** Opening Records supplied block **

Lemma mark_rankS a (lt_an : a < n) :
  mark_rank a.+1 = mark_rank a + marked p d (Ordinal lt_an).
Proof.
have -> : mark_rank a.+1 = mark_rank a + \sum_(j < p.+1 | 1 <= j) (gap_sum j == a.+1).
  rewrite /mark_rank -big_split /=; apply: eq_bigr => j _.
  by rewrite [in LHS]leq_eqVlt ltnS; case: eqP => [->|_]; rewrite ?ltnn ?addn0.
congr (_ + _); rewrite /marked; case: existsP => [[j0 /andP[ge1_j0 /eqP gs_j0]]|no_mark].
  have {}gs_j0 : gap_sum j0 = a.+1 by [].
  rewrite (bigD1 j0) //= gs_j0 eqxx big1 ?addn0 // => j /andP[_ neq_jj0].
  apply/eqP; rewrite eqb0; apply: contra neq_jj0 => /eqP gs_j.
  by apply/eqP/val_inj/gap_sum_inj; rewrite ?gs_j ?gs_j0 //; exact/ltnW/ltn_ord.
apply: big1 => j ge1_j; apply/eqP; rewrite eqb0; apply: contra_not_neq no_mark => gs_j.
by exists j; rewrite ge1_j; apply/eqP.
Qed.

Lemma marks_beforeS a (lt_an : a < n) :
  marks_before a.+1 = marks_before a + marked p d (Ordinal lt_an).
Proof.
rewrite /marks_before.
have -> : \sum_(i < n) ((i < a.+1) && marked p d i) =
    \sum_(i < n) ((i < a) && marked p d i) + \sum_(i < n) ((i == a :> nat) && marked p d i).
  rewrite -big_split /=; apply: eq_bigr => i _.
  by rewrite ltnS leq_eqVlt; case: (ltngtP i a) => //=; case: marked.
congr (_ + _); rewrite (bigD1 (Ordinal lt_an)) //= eqxx /= big1 ?addn0 // => i.
by rewrite -val_eqE /= => /negbTE ->.
Qed.

Lemma marks_before_rank a : a <= n -> marks_before a = mark_rank a.
Proof.
elim: a => [_|a IH lt_an]; last first.
  by rewrite (marks_beforeS lt_an) (mark_rankS lt_an) IH // ltnW.
rewrite /marks_before /mark_rank !big1 // => j ge1_j.
suff : 0 < gap_sum j by case: (gap_sum j).
by apply: leq_trans (leq_gap_sum ge1_j); rewrite gap_sumS gap_sum0 gap_pos.
Qed.

Lemma leq_marks_before : {homo marks_before : a b / a <= b}.
Proof.
move=> a b le_ab; apply: leq_sum => i _.
by case: (ltnP i a) => //= lt_ia; rewrite (leq_trans lt_ia le_ab).
Qed.

Lemma marks_before_lt a : a <= n -> marks_before a < p.+1.
Proof. by move=> le_an; rewrite marks_before_rank // ltnS mark_rank_le. Qed.

Lemma marks_before_n : marks_before n = p.
Proof.
rewrite marks_before_rank // (@mark_rank_itv p) // gap_sum_top ltnSn andbT.
by rewrite -ltnS -gap_sum_top; apply: ltn_gap_sum; rewrite ltnSn /=.
Qed.

(* The positions a <= n with [marks_before a = c] form the c-th gap. *)
Lemma level_size_marks_before c : c < p.+1 -> level_size marks_before n c = d c.
Proof.
apply: eq_of_leq_sum => [c0 lt_c0p|]; last first.
  by rewrite (sum_level_size marks_before_lt) -gap_sum_top /gap_sum big_mkord.
have le_gs : gap_sum c0.+1 <= n.+1 by rewrite -gap_sum_top leq_gap_sum.
rewrite (_ : d c0 = \sum_(a < n.+1) ((gap_sum c0 <= a) && (a < gap_sum c0.+1))).
  apply: leq_sum => a _; case: andP => // -[le_gs_a lt_a_gs].
  rewrite marks_before_rank ?(@mark_rank_itv c0) ?lt_a_gs ?andbT //; first lia.
  by rewrite -ltnS (leq_trans lt_a_gs).
by move: le_gs; rewrite sum_ord_itv ?leq_gap_sum // gap_sumS; lia.
Qed.

End EquidistantMarks.

Import Order.TTheory GRing.Theory Num.Theory.
Local Open Scope ring_scope.

Section MinEqPairs.
Variable R : realFieldType.

(* The value of [eq_pairs] when N positions are spread over K levels of sizes q and q + 1. *)
Definition min_eq_pairs (N K q : nat) : R := (q * N)%:R - (K * (q * (q + 1)))%:R / 2.

Lemma min_eq_pairs_le c n K q : (forall a, (a <= n)%N -> (c a < K)%N) ->
  min_eq_pairs n.+1 K q <= (eq_pairs c n)%:R.
Proof.
move=> /(eq_pairs_lower q); rewrite /min_eq_pairs.
move: (q * n.+1)%N (K * _)%N (eq_pairs c n) => A B P.
by rewrite -(ler_nat R) natrD !natrM; lra.
Qed.

Lemma min_eq_pairsE c n K q : (forall a, (a <= n)%N -> (c a < K)%N) ->
  (forall j, (j < K)%N -> level_size c n j = q \/ level_size c n j = q.+1) ->
  min_eq_pairs n.+1 K q = (eq_pairs c n)%:R.
Proof.
move=> c_lt /(eq_pairs_balanced c_lt); rewrite /min_eq_pairs.
move: (q * n.+1)%N (K * _)%N (eq_pairs c n) => A B P /(congr1 (fun k => k%:R : R)).
by rewrite /= natrD !natrM; lra.
Qed.

End MinEqPairs.

Definition indicator {R : pzSemiRingType} (b : bool) : R := b%:R.

Lemma pos_part_id (R : realType) (a : R) : 0 <= a -> pos_part a = a.
Proof. by move=> a_ge0; rewrite /pos_part max_l. Qed.

Lemma pos_part_eq0 (R : realType) (a : R) : a <= 0 -> pos_part a = 0.
Proof. by move=> a_le0; rewrite /pos_part max_r. Qed.

Section StepIntegral.
Variables (R : realFieldType) (U : seq R).

Definition prev_point (t : R) : R := \big[Num.max/0]_(s <- U | s < t) s.

(* Integral over [0, max U] of a function taken to be constant, equal to its
   value at t, on each interval (prev_point t, t] between consecutive points of U. *)
Definition stepint (F : R -> R) : R := \sum_(t <- U | 0 < t) (t - prev_point t) * F t.

Lemma prev_point_lt t : 0 < t -> prev_point t < t.
Proof. by move=> t_gt0; apply: bigmax_lt. Qed.

Lemma prev_point_ge s t : s \in U -> s < t -> s <= prev_point t.
Proof. exact: le_bigmax_seq. Qed.

Lemma prev_point_mem t : 0 \in U -> prev_point t \in U.
Proof.
move=> U0; rewrite /prev_point big_seq_cond; elim/big_rec: _ => // s a /andP[sU _] aU.
by case: (leP s a).
Qed.

Lemma eq_stepint F G : (forall t, t \in U -> 0 < t -> F t = G t) ->
  stepint F = stepint G.
Proof.
move=> eq_FG; rewrite /stepint big_seq_cond [in RHS]big_seq_cond.
by apply: eq_bigr => t /andP[tU t_gt0]; rewrite eq_FG.
Qed.

Lemma ler_stepint F G : (forall t, t \in U -> 0 < t -> F t <= G t) ->
  stepint F <= stepint G.
Proof.
move=> le_FG; rewrite /stepint big_seq_cond [X in _ <= X]big_seq_cond; apply: ler_sum => t /andP[tU t_gt0].
by rewrite ler_wpM2l ?le_FG // subr_ge0 ltW // prev_point_lt.
Qed.

Lemma stepintD F G : stepint (fun t => F t + G t) = stepint F + stepint G.
Proof. by rewrite /stepint -big_split; apply: eq_bigr => t _; rewrite mulrDr. Qed.

Lemma stepintB F G : stepint (fun t => F t - G t) = stepint F - stepint G.
Proof. by rewrite /stepint -sumrB; apply: eq_bigr => t _; rewrite mulrBr. Qed.

Lemma stepintZ c F : stepint (fun t => c * F t) = c * stepint F.
Proof. by rewrite /stepint mulr_sumr; apply: eq_bigr => t _; rewrite mulrCA. Qed.

Lemma stepint0 : stepint (fun=> 0) = 0.
Proof. by rewrite /stepint big1 // => t _; rewrite mulr0. Qed.

Lemma stepint_sum (I : finType) (P : pred I) (F : I -> R -> R) :
  stepint (fun t => \sum_(i | P i) F i t) = \sum_(i | P i) stepint (F i).
Proof. by rewrite /stepint exchange_big; apply: eq_bigr => t _; rewrite mulr_sumr. Qed.

(* The step integral of [t <= b] telescopes along the points of U below b. *)
Lemma stepint_le b : uniq U -> 0 \in U -> (forall t, t \in U -> 0 <= t) -> b \in U ->
  stepint (fun t => indicator (t <= b)) = b.
Proof.
move=> U_uniq U0 U_ge0; have [k] := ubnP (count (< b) U); elim: k b => // k IH b.
rewrite ltnS => cnt_b bU; have [b_le0|b_gt0] := leP b 0.
  have -> : b = 0 by apply/le_anti; rewrite b_le0 U_ge0.
  by rewrite (@eq_stepint _ (fun=> 0)) ?stepint0 // => t _ t_gt0; rewrite /indicator lt_geF.
have prev_lt_b := prev_point_lt b_gt0.
rewrite (@eq_stepint _ (fun t => indicator (t == b) + indicator (t <= prev_point b))); last first.
  move=> t tU _; rewrite /indicator; case: (ltgtP t b) => [lt_tb|lt_bt|->]; rewrite ?add0r ?addr0.
  - by rewrite prev_point_ge.
  - by rewrite lt_geF // (lt_trans prev_lt_b).
  - by rewrite (lt_geF prev_lt_b) addr0.
have prev_bU : prev_point b \in U by exact: prev_point_mem.
have lt_count : (count (< prev_point b) U < count (< b) U)%N.
  apply: (@leq_trans (count (< prev_point b) U + count (pred1 (prev_point b)) U)).
    by rewrite -{1}[count _ _]addn0 ltn_add2l -has_count has_pred1.
  rewrite -count_predUI (@eq_count _ (predI _ _) pred0) ?count_pred0 ?addn0 => [|t /=].
    by apply: sub_count => t /= /orP[/lt_trans->|/eqP->].
  by case: eqP => [->|]; rewrite ?ltxx ?andbF.
rewrite stepintD IH //; last exact: leq_trans lt_count cnt_b.
suff -> : stepint (fun t => indicator (t == b)) = b - prev_point b by rewrite subrK.
rewrite /stepint /indicator big_mkcond (bigD1_seq b) //= b_gt0 eqxx mulr1 big1 ?addr0 // => t.
by move=> /negbTE t_neq_b; case: ifP; rewrite ?t_neq_b ?mulr0.
Qed.

End StepIntegral.

Section ScaledFloor.
Variables (R : realType) (x : R).
Hypothesis x_gt0 : 0 < x.

Definition divx (p : R) : int := Num.floor (p / x).
Definition modx (p : R) : R := p - (divx p)%:~R * x.

Lemma divx_bound p : (divx p)%:~R * x <= p < (divx p)%:~R * x + x.
Proof.
have /andP[le_fl lt_fl] := floor_itv (p / x).
rewrite intrD ltr_pdivrMr // mulrDl mul1r in lt_fl.
by rewrite -ler_pdivlMr // le_fl.
Qed.

Lemma modx_ge0 p : 0 <= modx p.
Proof. by have := divx_bound p; rewrite /modx; lra. Qed.

Lemma modx_lt p : modx p < x.
Proof. by have := divx_bound p; rewrite /modx; lra. Qed.

Lemma ler_divx : {homo divx : p q / p <= q}.
Proof. by move=> p q le_pq; apply: le_floor; rewrite ler_pM2r ?invr_gt0. Qed.

Lemma divx_sub p t : 0 < t <= x -> divx (p - t) = if modx p < t then divx p - 1 else divx p.
Proof.
move=> /andP[t_gt0 le_tx]; apply: floor_def; have /andP[lo hi] := divx_bound p.
rewrite ler_pdivlMr // ltr_pdivrMr // /modx.
by case: ltP => ?; rewrite ?(intrB, intrD, mulrDl, mulrBl, mul1r); lra.
Qed.

Section LayerCake.
Variable U : seq R.
Hypotheses (U_uniq : uniq U) (U0 : 0 \in U) (xU : x \in U).
Hypothesis U_bnd : forall t, t \in U -> 0 <= t <= x.

(* Layer-cake formula: as t runs over (0, x], the points pa - t and pb - t lie in
   the same cell [k x, (k + 1) x) for a set of t of measure (x - (pb - pa))^+. *)
Lemma stepint_eq_divx pa pb : pa <= pb -> modx pa \in U -> modx pb \in U ->
  stepint U (fun t => indicator (divx (pa - t) == divx (pb - t))) = pos_part (x - (pb - pa)).
Proof.
move=> le_ab faU fbU; have le_divx := ler_divx le_ab.
have U_ge0 t : t \in U -> 0 <= t by case/U_bnd/andP.
have int_le := stepint_le U_uniq U0 U_ge0.
have [a_ge0 a_lt] := (modx_ge0 pa, modx_lt pa); have [b_ge0 b_lt] := (modx_ge0 pb, modx_lt pb).
have diffE : pb - pa = (divx pb - divx pa)%:~R * x + (modx pb - modx pa).
  by rewrite /modx intrB; ring.
have pointwise G : (forall t, 0 < t <= x -> indicator (divx (pa - t) == divx (pb - t)) = G t) ->
    stepint U (fun t => indicator (divx (pa - t) == divx (pb - t))) = stepint U G.
  by move=> eqG; apply: eq_stepint => t /U_bnd/andP[_ le_tx] t_gt0; rewrite eqG ?t_gt0.
have [dq|[dq|dq]] : divx pb = divx pa \/ divx pb = divx pa + 1 \/ divx pa + 2 <= divx pb by lia.
- rewrite dq subrr mul0r add0r in diffE; rewrite diffE pos_part_id; last lra.
  rewrite (pointwise (fun t => indicator (t <= modx pa) + indicator (t <= x) - indicator (t <= modx pb))).
    by rewrite stepintB stepintD !int_le //; ring.
  move=> t /andP[t_gt0 le_tx]; rewrite !divx_sub ?t_gt0 // dq /indicator le_tx !(leNgt t).
  by case: (ltP (modx pa) t); case: (ltP (modx pb) t); case: eqP => E /= *;
    try (exfalso; clear -E; lia); lra.
- rewrite dq addrAC subrr add0r mul1r in diffE; rewrite diffE.
  have [le_ba|lt_ab] := leP (modx pb) (modx pa); last first.
    rewrite pos_part_eq0; last lra.
    rewrite (pointwise (fun=> 0)) ?stepint0 // => t /andP[t_gt0 le_tx].
    rewrite !divx_sub ?t_gt0 // dq /indicator.
    by case: (ltP (modx pa) t); case: (ltP (modx pb) t); case: eqP => E /= *;
      try (exfalso; clear -E; lia); lra.
  rewrite pos_part_id; last lra.
  rewrite (pointwise (fun t => indicator (t <= modx pa) - indicator (t <= modx pb))).
    by rewrite stepintB !int_le //; ring.
  move=> t /andP[t_gt0 le_tx]; rewrite !divx_sub ?t_gt0 // dq /indicator !(leNgt t).
  by case: (ltP (modx pa) t); case: (ltP (modx pb) t); case: eqP => E /= *;
    try (exfalso; clear -E; lia); lra.
- have le_cells : (divx pa)%:~R * x + 2 * x <= (divx pb)%:~R * x :> R.
    by rewrite -mulrDl ler_pM2r // -[2]/(2%:~R) -intrD ler_int.
  rewrite pos_part_eq0; last by rewrite diffE intrB; lra.
  rewrite (pointwise (fun=> 0)) ?stepint0 // => t /andP[t_gt0 le_tx].
  rewrite !divx_sub ?t_gt0 //.
  by case: (ltP (modx pa) t); case: (ltP (modx pb) t); case: eqP => E //; exfalso; clear -E dq; lia.
Qed.

End LayerCake.
End ScaledFloor.

Section PartialSums.
Variables (R : realType) (n : nat).
Implicit Types (x : R) (w : 'I_n -> R).

Definition psum w (a : nat) : R := \sum_(i < n | (i < a)%N) w i.

Lemma sum_itv_psum w (l k : nat) : (l <= k)%N ->
  \sum_(i < n | (l <= i <= k)%N) w i = psum w k.+1 - psum w l.
Proof.
move=> le_lk; apply/eqP; rewrite eq_sym subr_eq addrC /psum (bigID (fun i : 'I_n => (i < l)%N)) /=.
by apply/eqP; congr (_ + _); apply: eq_bigl => i /=; rewrite ?ltnS -?leqNgt; lia.
Qed.

Lemma fobj_psum x w : fobj x w =
  \sum_(l < n) \sum_(k < n | (l <= k)%N) pos_part (x - (psum w k.+1 - psum w l)).
Proof. by apply: eq_bigr => l _; apply: eq_bigr => k le_lk; rewrite sum_itv_psum. Qed.

Lemma eq_fobj x w w' : (forall i, w i = w' i) -> fobj x w = fobj x w'.
Proof.
move=> eq_w; apply: eq_bigr => l _; apply: eq_bigr => k _.
by congr (pos_part (_ - _)); apply: eq_bigr => i _.
Qed.

Section Nonneg.
Variable w : 'I_n -> R.
Hypothesis w_ge0 : forall i, 0 <= w i.

Lemma psum_ge0 a : 0 <= psum w a.
Proof. exact: sumr_ge0. Qed.

Lemma ler_psum : {homo psum w : a b / (a <= b)%N >-> a <= b}.
Proof.
move=> a b le_ab; rewrite /psum [leRHS](bigID (fun i : 'I_n => (i < a)%N)) /=.
rewrite [X in _ <= X + _](eq_bigl (fun i : 'I_n => (i < a)%N)) => [|i].
  by rewrite lerDl sumr_ge0.
by apply: andb_idl => lt_ia; exact: leq_trans lt_ia le_ab.
Qed.

Lemma psum_le_sum a : psum w a <= \sum_(i < n) w i.
Proof. by rewrite [leRHS](bigID (fun i : 'I_n => (i < a)%N)) /= lerDl sumr_ge0. Qed.

End Nonneg.

Lemma psum_n w : psum w n = \sum_(i < n) w i.
Proof. by apply: eq_bigl => i; rewrite ltn_ord. Qed.

End PartialSums.

Lemma absz_addr1_lt (z : int) (K : nat) : -1 <= z -> z < K%:Z -> (absz (z + 1)%R < K.+1)%N.
Proof. by move=> z_ge z_lt; rewrite -ltz_nat gez0_abs; lia. Qed.

Lemma eq_absz_addr1 (z1 z2 : int) : -1 <= z1 -> -1 <= z2 ->
  (absz (z1 + 1)%R == absz (z2 + 1)%R)%N = (z1 == z2).
Proof.
by move=> z1_ge z2_ge; rewrite -eqz_nat !gez0_abs; try lia; apply/eqP/eqP; lia.
Qed.

Definition opt_value (R : realType) (n m : nat) (x r : R) : R :=
  r * min_eq_pairs R n.+1 m.+2 (n.+1 %/ m.+2) + (x - r) * min_eq_pairs R n.+1 m.+1 (n.+1 %/ m.+1).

** Closing Records supplied block **

## What you have to do
Everything starting at the line containing "by move: le_gs;" and ending at the line containing "Variable R : realFieldType." in the records above should be repeated exactly, and only that.

## Answer for this exercise
by move: le_gs; rewrite sum_ord_itv ?leq_gap_sum // gap_sumS; lia.
Qed.

End EquidistantMarks.

Import Order.TTheory GRing.Theory Num.Theory.
Local Open Scope ring_scope.

Section MinEqPairs.
Variable R : realFieldType.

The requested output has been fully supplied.